#### Exercise prompt
Output only the lines from the start of the entries through the line holding "intros Hxs Hcau Hc.". Each line must match the original exactly.

-- Opening Marker --

Lemma l2_cauchy_limit (xs : nat -> nat -> C) (c : nat -> R) :
  (forall m, l2 (xs m)) ->
  (forall m m', (m <= m')%nat -> l2norm (vsub (xs m') (xs m)) <= c m) ->
  is_lim_seq c 0 ->
  exists x, l2 x /\ forall m, l2norm (vsub x (xs m)) <= c m.
Proof.
  intros Hxs Hcau Hc.
  assert (Hcoord : forall k m m', (m <= m')%nat -> Cmod (Cminus (xs m' k) (xs m k)) <= c m).
  { intros k m m' Hm. apply Rle_trans with (2 := Hcau m m' Hm).
    apply (Cmod_le_l2norm (vsub (xs m') (xs m))), l2_vsub; apply Hxs. }
  set (x := fun k => Clim (fun m => xs m k)).
  assert (Hx_coord : forall m k, Cmod (Cminus (x k) (xs m k)) <= sqrt 2 * c m)
    by (intros m k; apply (Clim_dist_le (fun m => xs m k)); [apply Hcoord | exact Hc]).
  (* On the first [N + 1] coordinates [x - xs m'] is uniformly bounded by [sqrt 2 * c m'],
     which vanishes as [m'] grows. *)
  assert (Htail : forall m, l2 (vsub x (xs m)) /\ l2norm (vsub x (xs m)) <= c m).
  { intros m. apply l2_of_pnorm_le. intros N.
    set (f := fun m' => sqrt (INR (S N)) * (sqrt 2 * c m') + c m).
    assert (Hf : is_lim_seq f (c m)).
    { replace (c m) with (sqrt (INR (S N)) * (sqrt 2 * 0) + c m) by ring.
      apply is_lim_seq_plus'; [|apply is_lim_seq_const].
      apply is_lim_seq_mult'; [apply is_lim_seq_const|].
      apply is_lim_seq_mult'; [apply is_lim_seq_const | exact Hc]. }
    refine (is_lim_seq_le_loc (fun _ => pnorm (vsub x (xs m)) N) f _ _ _ (is_lim_seq_const _) Hf).
    exists m. intros m' Hm. unfold f.
    apply Rle_trans with
      (1 := pnorm_triangle _ _ (vsub x (xs m)) N (fun n => Cmod_sub_triangle _ (xs m' n) _)).
    apply Rplus_le_compat.
    - apply pnorm_le_of_Cmod_le. intros k. apply Hx_coord.
    - apply Rle_trans with (2 := Hcau m m' Hm), pnorm_le_l2norm, l2_vsub; apply Hxs. }
  exists x. split; [|intros m; apply Htail].
  apply (l2_triangle (vsub x (xs 0%nat)) (xs 0%nat)); [apply Htail | apply Hxs |].
  intros n. unfold vsub.
  replace (x n) with (Cplus (Cminus (x n) (xs 0%nat n)) (xs 0%nat n)) at 1 by ring.
  apply Cmod_triangle.
Qed.

Definition maps_l2 (F : (nat -> C) -> nat -> C) : Prop := forall x, l2 x -> l2 (F x).

Definition linear_l2 (F : (nat -> C) -> nat -> C) : Prop :=
  forall a x y, l2 x -> l2 y -> F (vadd (vscale a x) y) = vadd (vscale a (F x)) (F y).

Ltac vring := apply functional_extensionality; intro; unfold vadd, vsub, vscale, vzero; ring.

-- Closing Marker --

#### Result for this task
Lemma l2_cauchy_limit (xs : nat -> nat -> C) (c : nat -> R) :
  (forall m, l2 (xs m)) ->
  (forall m m', (m <= m')%nat -> l2norm (vsub (xs m') (xs m)) <= c m) ->
  is_lim_seq c 0 ->
  exists x, l2 x /\ forall m, l2norm (vsub x (xs m)) <= c m.
Proof.
  intros Hxs Hcau Hc.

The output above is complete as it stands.